Extracted data entries:
(* Let $r$ be a prime power, $q=r^2$, and let $M$ be a positive integer with $M\mid(r+1)$. If there exist Hermitian self-orthogonal linear codes over $\mathbb{F}_q$ with parameters $[m,k_1,d_1]_q,[m,k_2,d_2]_q,\dots,[m,k_M,d_M]_q$, then there exists a Hermitian self-orthogonal linear code over $\mathbb{F}_q$ with parameters $[Mm,k_1+k_2+\cdots+k_M,d]_q$ where $d\ge\min\{Md_1,(M-1)d_2,\dots,d_M\}$ (i.e., $d\ge\min_{1\le i\le M}(M-i+1)d_i$).
   Context: For $a\in\mathbb{F}_q$, $\overline{a}:=a^r$. The Hermitian inner product on $\mathbb{F}_q^n$ is $\langle u,v\rangle_H=\sum_i u_i\overline{v_i}$; a linear code $C$ is Hermitian self-orthogonal if $C\subseteq C^{\perp_H}$. A code with parameters $[n,k,d]_q$ is a linear code of length $n$, dimension $k$ and minimum Hamming weight $d$ over $\mathbb{F}_q$. *)

From HB Require Import structures.
From mathcomp Require Import all_boot all_order all_algebra all_field.
Set Implicit Arguments. Unset Strict Implicit. Unset Printing Implicit Defensive.
Import GRing.Theory.
Local Open Scope ring_scope.

Definition prime_power (r : nat) : Prop :=
  exists p e : nat, prime p /\ (0 < e)%N /\ r = (p ^ e)%N.

(* Hermitian inner product on F^n, conjugation a |-> a^r (F has r^2 elements) *)
Definition herm_ip (F : fieldType) (r n : nat) (u v : 'rV[F]_n) : F :=
  \sum_(i < n) u 0 i * (v 0 i) ^+ r.

Definition herm_self_orth (F : fieldType) (r n : nat) (C : {vspace 'rV[F]_n}) : Prop :=
  forall u v, u \in C -> v \in C -> herm_ip r u v = 0.

Definition wt (F : fieldType) (n : nat) (u : 'rV[F]_n) : nat :=
  #|[set i : 'I_n | u 0 i != 0]|.

Definition min_dist (F : fieldType) (n : nat) (C : {vspace 'rV[F]_n}) (d : nat) : Prop :=
  (exists2 c, c \in C & (c != 0) && (wt c == d)) /\
  (forall c, c \in C -> c != 0 -> (d <= wt c)%N).

Definition code_params (F : fieldType) (n : nat) (C : {vspace 'rV[F]_n}) (k d : nat) : Prop :=
  \dim C = k /\ min_dist C d.

(* Let z be a primitive M-th root of unity in F (it exists because M | r + 1 | r^2 - 1)
   and V = (z^(l j)) the Vandermonde matrix on the nodes 1, z, ..., z^(M-1).  The code D
   consists of the words whose l-th block of length m is sum_j z^(l j) c_j, with c_j in C_j.
   Since z^r = z^-1, the Hermitian product of columns j and j' of V is the geometric sum
   sum_l (z^(j - j'))^l, which vanishes for j <> j'; hence D is Hermitian self-orthogonal
   because every C_j is.  V is invertible, so dim D = k_1 + ... + k_M.  Finally, if t is the
   last index with c_t <> 0, then at every position p where c_t is nonzero the M entries of
   the blocks are the values at 1, z, ..., z^(M-1) of a nonzero polynomial of degree at most
   t, so at most t of them vanish and the word has weight at least (M - t) wt(c_t). *)

From mathcomp Require Import all_boot all_order all_algebra all_field cyclic zify.
Set Implicit Arguments. Unset Strict Implicit. Unset Printing Implicit Defensive.
Import GRing.Theory.
Local Open Scope ring_scope.

Lemma wt_mxvec (F : fieldType) n m (A : 'M[F]_(n, m)) :
  wt (mxvec A) = (\sum_(p < m) #|[set l | A l p != 0%R]|)%N.
Proof.
rewrite /wt -sum1_card big_mkcond (reindex _ (curry_mxvec_bij n m)) /=.
under [RHS]eq_bigr do rewrite -sum1_card big_mkcond /=.
rewrite exchange_big pair_big /=.
by apply: eq_bigr => -[l p] _; rewrite !inE mxvecE.
Qed.

Lemma card_nonroots (R : idomainType) n (s : 'I_n -> R) (P : {poly R}) :
  injective s -> P != 0 -> (n - (size P).-1 <= #|[set l | ~~ root P (s l)]|)%N.
Proof.
move=> s_inj P0; set S := [set l | _].
have roots_lt : (#|~: S| < size P)%N.
  rewrite cardE -(size_map s); apply: max_poly_roots => //.
    by apply/allP=> y /mapP[l]; rewrite mem_enum !inE negbK => ? ->.
  by rewrite map_inj_uniq ?enum_uniq.
by have := cardsC S; rewrite card_ord; lia.
Qed.

Section Vandermonde.
Variables (F : fieldType) (n : nat) (a : 'rV[F]_n).
Hypothesis a_inj : injective (a 0).

Lemma Vandermonde_unitmx : Vandermonde n a \in unitmx.
Proof.
rewrite unitmxE det_Vandermonde unitfE; apply/prodf_neq0 => i _.
apply/prodf_neq0 => j /ltn_eqF ij; rewrite subr_eq0; apply: contraFN ij.
by move/eqP/a_inj => ->.
Qed.

Lemma wt_Vandermonde_mul m (B : 'M[F]_(n, m)) (t : 'I_n) :
    (forall j : 'I_n, (t < j)%N -> row j B = 0) ->
  ((n - t) * wt (row t B) <= wt (mxvec ((Vandermonde n a)^T *m B)))%N.
Proof.
move=> B_top; rewrite wt_mxvec /wt -sum1_card big_distrr big_mkcond /=.
apply: leq_sum => p _; rewrite inE mxE; case: ifP => // Btp; rewrite muln1.
pose P := rVpoly (col p B)^T.
have P_t : P`_t = B t p by rewrite coef_rVpoly_ord !mxE.
have P_neq0 : P != 0 by apply: contraNneq Btp => P0; rewrite -P_t P0 coef0.
have size_P : (size P <= t.+1)%N.
  apply/leq_sizeP => j tj; rewrite coef_rVpoly; case: insubP => // i _ ij.
  have /rowP/(_ p) : row i B = 0 by apply: B_top; rewrite ij.
  by rewrite !mxE.
have P_eval l : P.[a 0 l] = ((Vandermonde n a)^T *m B) l p.
  by rewrite horner_poly mxE; apply: eq_bigr => j _; rewrite valK !mxE mulrC.
have -> : [set l | ((Vandermonde n a)^T *m B) l p != 0] = [set l | ~~ root P (a 0 l)].
  by apply/setP => l; rewrite !inE /root P_eval.
apply: leq_trans (card_nonroots a_inj P_neq0).
by rewrite leq_sub2l // -subn1 leq_subLR add1n.
Qed.

End Vandermonde.

Lemma last_nonzero_row (F : fieldType) k m (B : 'M[F]_(k, m)) :
  B != 0 -> exists t : 'I_k, row t B != 0 /\ forall j : 'I_k, (t < j)%N -> row j B = 0.
Proof.
move=> B0; have [j0 Bj0] : exists j0, row j0 B != 0.
  apply/existsP; apply: contraNT B0 => /existsPn B0; apply/eqP/row_matrixP => j.
  by rewrite row0; apply/eqP/negPn.
have [t Bt tmax] := @arg_maxnP _ j0 (fun j => row j B != 0) val Bj0.
exists t; split => // j tj; apply/eqP; apply: contraTT tj => Bj.
by rewrite -leqNgt; apply: tmax.
Qed.

Lemma mulmx_sum_col_row (R : pzRingType) n k m (A : 'M[R]_(n, k)) (B : 'M[R]_(k, m)) :
  A *m B = \sum_j col j A *m row j B.
Proof.
apply/matrixP => i p; rewrite mxE summxE; apply: eq_bigr => j _.
by rewrite !mxE big_ord1 !mxE.
Qed.

Section MatrixCode.
Variables (F : fieldType) (k m : nat) (A : 'M[F]_k) (C : 'I_k -> {vspace 'rV[F]_m}).

Definition kron_col j : 'Hom('rV[F]_m, 'rV[F]_(k * m)) := linfun (mxvec \o mulmx (col j A)).

(* The paper's code (A (x) I_m)(C_1 x ... x C_k), as a sum of subspaces so that its
   dimension can be computed. *)
Definition mx_code : {vspace 'rV[F]_(k * m)} := (\sum_j (kron_col j @: C j))%VS.

Lemma kron_colE j c : kron_col j c = mxvec (col j A *m c).
Proof. by rewrite lfunE. Qed.

Lemma sum_kron_col (c : 'I_k -> 'rV[F]_m) :
  \sum_j kron_col j (c j) = mxvec (A *m \matrix_j c j).
Proof.
rewrite mulmx_sum_col_row linear_sum; apply: eq_bigr => j _.
by rewrite rowK kron_colE.
Qed.

Lemma kron_col_img_family (v : 'I_k -> 'rV[F]_(k * m)) :
    (forall j, v j \in (kron_col j @: C j)%VS) ->
  exists2 c : 'I_k -> 'rV_m, forall j, c j \in C j & forall j, v j = kron_col j (c j).
Proof.
move=> Cv; have /fin_all_exists[c Cc] : forall j, exists c, c \in C j /\ v j = kron_col j c.
  by move=> j; have /memv_imgP[c ? ->] := Cv j; exists c.
by exists c => j; case: (Cc j).
Qed.

Lemma mx_codeP x :
  reflect (exists2 B, (forall j, row j B \in C j) & x = mxvec (A *m B)) (x \in mx_code).
Proof.
apply: (iffP memv_sumP) => [[v /(_ _ isT) Cv ->] | [B CB ->]].
  have [c Cc vc] := kron_col_img_family Cv.
  exists (\matrix_j c j) => [j|]; first by rewrite rowK.
  by rewrite -sum_kron_col; apply: eq_bigr => j _.
exists (fun j => kron_col j (row j B)) => [j _|]; first exact: memv_img.
by rewrite sum_kron_col; congr (mxvec (A *m _)); apply/row_matrixP => j; rewrite rowK.
Qed.

Lemma dim_mx_code : A \in unitmx -> \dim mx_code = (\sum_j \dim (C j))%N.
Proof.
move=> A_unit.
have mxvec_mul_eq0 (B : 'M_(k, m)) : mxvec (A *m B) = 0 -> B = 0.
  by move/eqP; rewrite mxvec_eq0 => /eqP/(congr1 (mulmx (invmx A))); rewrite mulKmx ?mulmx0.
have ker0 j : lker (kron_col j) = 0%VS.
  apply/vspaceP => c; rewrite memv_ker memv0 kron_colE colE -mulmxA.
  apply/eqP/eqP => [/mxvec_mul_eq0 dc0 | ->]; last by rewrite !mulmx0 linear0.
  apply/rowP => p; have /matrixP/(_ j p) := dc0.
  by rewrite !mxE big_ord1 !mxE !eqxx mul1r.
have /directvP -> /= : directv mx_code.
  apply/directv_sum_independent => v /(_ _ isT) Cv; have [c _ vc] := kron_col_img_family Cv.
  rewrite (eq_bigr _ (fun j _ => vc j)) sum_kron_col => /mxvec_mul_eq0 c0 j _.
  by rewrite vc -(rowK c j) c0 row0 linear0.
by apply: eq_bigr => j _; rewrite limg_dim_eq // ker0 capv0.
Qed.

End MatrixCode.

Lemma wt_Vandermonde_code (F : fieldType) n m (a : 'rV[F]_n) (C : 'I_n -> {vspace 'rV[F]_m})
    (d : 'I_n -> nat) x :
    injective (a 0) -> (forall j c, c \in C j -> c != 0 -> (d j <= wt c)%N) ->
    x \in mx_code (Vandermonde n a)^T C -> x != 0 ->
  exists t : 'I_n, ((n - t) * d t <= wt x)%N.
Proof.
move=> a_inj C_wt /mx_codeP[B CB ->] x0.
have [|t [Bt B_top]] := last_nonzero_row (B := B).
  by apply: contraNneq x0 => ->; rewrite mulmx0 linear0.
exists t; apply: leq_trans (wt_Vandermonde_mul a_inj B_top).
by rewrite leq_mul2l C_wt ?orbT.
Qed.

Section Hermitian.
Variables (F : fieldType) (r : nat).

Lemma herm_ip_mxvec n m (X Y : 'M[F]_(n, m)) :
  herm_ip r (mxvec X) (mxvec Y) = \sum_l \sum_p X l p * Y l p ^+ r.
Proof.
rewrite /herm_ip (reindex _ (curry_mxvec_bij n m)) /= pair_big /=.
by apply: eq_bigr => -[l p] _; rewrite !mxvecE.
Qed.

Hypotheses (r_gt0 : (0 < r)%N) (conjD : {morph (fun x : F => x ^+ r) : a b / a + b}).

Lemma exprn_sum (I : Type) (s : seq I) (P : pred I) (f : I -> F) :
  (\sum_(i <- s | P i) f i) ^+ r = \sum_(i <- s | P i) f i ^+ r.
Proof. by apply: (big_morph _ conjD); rewrite expr0n gtn_eqF. Qed.

Lemma herm_ip_mxvec_mul n k m (A : 'M[F]_(n, k)) (B B' : 'M[F]_(k, m)) :
  herm_ip r (mxvec (A *m B)) (mxvec (A *m B')) =
  \sum_j \sum_j' (\sum_l A l j * A l j' ^+ r) * herm_ip r (row j B) (row j' B').
Proof.
rewrite herm_ip_mxvec.
under eq_bigr do under eq_bigr do rewrite !mxE exprn_sum big_distrlr /=.
under [RHS]eq_bigr do under eq_bigr do rewrite big_distrlr /=.
rewrite pair_big [RHS]pair_big /=.
under eq_bigr do rewrite pair_big /=.
under [RHS]eq_bigr do rewrite pair_big /=.
rewrite exchange_big; apply: eq_bigr => -[j j'] _; apply: eq_bigr => -[l p] _ /=.
by rewrite !mxE exprMn mulrACA.
Qed.

Lemma herm_self_orth_mx_code k m (A : 'M[F]_k) (C : 'I_k -> {vspace 'rV[F]_m}) :
    (forall j j' : 'I_k, j != j' -> \sum_l A l j * A l j' ^+ r = 0) ->
  (forall j, herm_self_orth r (C j)) -> herm_self_orth r (mx_code A C).
Proof.
move=> A_orth C_orth _ _ /mx_codeP[B CB ->] /mx_codeP[B' CB' ->].
rewrite herm_ip_mxvec_mul big1 // => j _; rewrite big1 // => j' _.
have [<-|jj'] := eqVneq j j'; first by rewrite (C_orth j) ?mulr0.
by rewrite A_orth ?mul0r.
Qed.

End Hermitian.

Lemma sum_expr_eq0 (F : fieldType) (w : F) n :
  w ^+ n = 1 -> w != 1 -> \sum_(i < n) w ^+ i = 0.
Proof.
move=> wn1 w_neq1; have /eqP := subrX1 w n.
by rewrite wn1 subrr eq_sym mulf_eq0 subr_eq0 (negPf w_neq1) => /eqP.
Qed.

Section PrimitiveRoot.
Variables (F : fieldType) (n : nat) (z : F).
Hypothesis z_prim : n.-primitive_root z.

Lemma prim_root_expr_inj : injective (fun l : 'I_n => z ^+ l).
Proof.
by move=> i j /eqP; rewrite (eq_prim_root_expr z_prim) !modn_small // => /eqP/val_inj.
Qed.

Lemma herm_orth_Vandermonde_prim_root r (V := (Vandermonde n (\row_(l < n) z ^+ l))^T) :
  z ^+ r.+1 = 1 -> forall j j' : 'I_n, j != j' -> \sum_l V l j * V l j' ^+ r = 0.
Proof.
move=> zr1 j j' jj'; set w := z ^+ j * z ^+ j' ^+ r.
have V_w l : V l j * V l j' ^+ r = w ^+ l.
  by rewrite !mxE exprMn -!exprM [(l * j)%N]mulnC [(l * _)%N]mulnC.
rewrite (eq_bigr _ (fun l _ => V_w l)) sum_expr_eq0 //.
  by rewrite exprMn -!exprM ![(_ * n)%N]mulnC !exprM (prim_expr_order z_prim) !expr1n mulr1.
apply: contra_neq jj' => w1; apply: prim_root_expr_inj => /=.
by rewrite -[RHS]mul1r -w1 -mulrA -exprSr -exprM mulnC exprM zr1 expr1n mulr1.
Qed.

End PrimitiveRoot.

Lemma finField_prim_root_exists (F : finFieldType) n :
  (n %| #|F|.-1)%N -> exists z : F, n.-primitive_root z.
Proof.
move=> n_dvd; suff [z z_prim] : exists z : F, #|F|.-1.-primitive_root z.
  by exists (z ^+ (#|F|.-1 %/ n)); apply: dvdn_prim_root.
have /hasP[z _ z_prim] : has #|F|.-1.-primitive_root (enum (predC1 (0 : F))).
  apply: has_prim_root; rewrite ?enum_uniq -?cardE ?cardC1 //.
    by rewrite -ltnS prednK ?finNzRing_gt1 // ltnW ?finNzRing_gt1.
  apply/allP => x; rewrite mem_enum unity_rootE => /= x0; apply/eqP/(mulIf x0).
  by rewrite -exprSr prednK ?expf_card ?mul1r // ltnW ?finNzRing_gt1.
by exists z.
Qed.

Lemma prime_power_gt0 r : prime_power r -> (0 < r)%N.
Proof. by case=> p [e [p_pr [_ ->]]]; rewrite expn_gt0 prime_gt0. Qed.

Lemma expr_prime_powerD (F : finFieldType) r :
  prime_power r -> #|F| = (r ^ 2)%N -> {morph (fun x : F => x ^+ r) : a b / a + b}.
Proof.
case=> p [e [p_pr [_ ->]]] F_card a b /=.
have p_char : p \in [pchar F] by apply: (card_finPcharP (n := (e * 2)%N)); rewrite // expnM.
by apply: exprDn_pchar; rewrite pnatX (pnatE _ p_pr) p_char.
Qed.

Lemma dvdn_succ_sqr_pred r : (r.+1 %| (r ^ 2).-1)%N.
Proof. by rewrite -subn1 -[1%N](exp1n 2) subn_sqr addn1 dvdn_mull. Qed.

Lemma min_dist_exists (F : finFieldType) n (U : {vspace 'rV[F]_n}) :
  U != 0%VS -> exists d, min_dist U d.
Proof.
rewrite -vpick0 => U0.
pose P d := [exists x, [&& x \in U, x != 0 & wt x == d]].
have P_wt : P (wt (vpick U)) by apply/existsP; exists (vpick U); rewrite memv_pick U0 eqxx.
have [d] := ex_minnP (ex_intro P _ P_wt).
rewrite /P => /existsP[x /and3P[Ux x0 /eqP wx]] d_min.
exists d; split; first by exists x => //; rewrite x0 wx eqxx.
by move=> c Uc c0; apply: d_min; apply/existsP; exists c; rewrite Uc c0 eqxx.
Qed.

Lemma min_dist_dimv_gt0 (F : fieldType) n (U : {vspace 'rV[F]_n}) d :
  min_dist U d -> (0 < \dim U)%N.
Proof.
case=> -[c Uc /andP[c0 _]] _; rewrite lt0n dimv_eq0.
by apply: contraNneq c0 => U0; rewrite -memv0 -U0.
Qed.

Theorem corollary4p2 (F : finFieldType) (r : nat) (hr : prime_power r)
  (hq : #|F| = (r ^ 2)%N) (M m : nat) (hM : (0 < M)%N) (hMr : (M %| r.+1)%N)
  (k d : 'I_M -> nat) (C : 'I_M -> {vspace 'rV[F]_m})
  (hC : forall i, herm_self_orth r (C i) /\ code_params (C i) (k i) (d i)) :
  exists (D : {vspace 'rV[F]_(M * m)}) (dD : nat),
    herm_self_orth r D /\ code_params D (\sum_(i < M) k i)%N dD /\
    (exists i : 'I_M, ((M - i) * d i <= dD)%N).
Proof.
have [z z_prim] : exists z : F, M.-primitive_root z.
  by apply: finField_prim_root_exists; rewrite hq (dvdn_trans hMr) ?dvdn_succ_sqr_pred.
have zr1 : z ^+ r.+1 = 1 by apply/eqP; rewrite -(prim_order_dvd z_prim).
pose a := \row_(l < M) z ^+ l.
have a_inj : injective (a 0) by move=> i j; rewrite !mxE; apply: prim_root_expr_inj.
pose D := mx_code (Vandermonde M a)^T C.
have dimD : \dim D = (\sum_i k i)%N.
  rewrite dim_mx_code ?unitmx_tr ?Vandermonde_unitmx //.
  by apply: eq_bigr => i _; case: (hC i) => _ [].
have D0 : D != 0%VS.
  rewrite -dimv_eq0 -lt0n dimD (bigD1 (Ordinal hM)) //= ltn_addr //.
  by case: (hC (Ordinal hM)) => _ [<-]; apply: min_dist_dimv_gt0.
have [dD dD_min] := min_dist_exists D0.
exists D, dD; split; last split.
- apply: (herm_self_orth_mx_code (prime_power_gt0 hr) (expr_prime_powerD hr hq)) => [|i].
    exact: herm_orth_Vandermonde_prim_root.
  by case: (hC i).
- by split.
- have [[x Dx /andP[x0 /eqP <-]] _] := dD_min.
  apply: wt_Vandermonde_code Dx x0 => // i.
  by case: (hC i) => _ [_ []].
Qed.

### YOUR OBJECTIVE
Wherever the word "Require" turns up in the records above, copy the line that holds it.

### RESPONSE BELOW
From HB Require Import structures.
From mathcomp Require Import all_boot all_order all_algebra all_field.
From mathcomp Require Import all_boot all_order all_algebra all_field cyclic zify.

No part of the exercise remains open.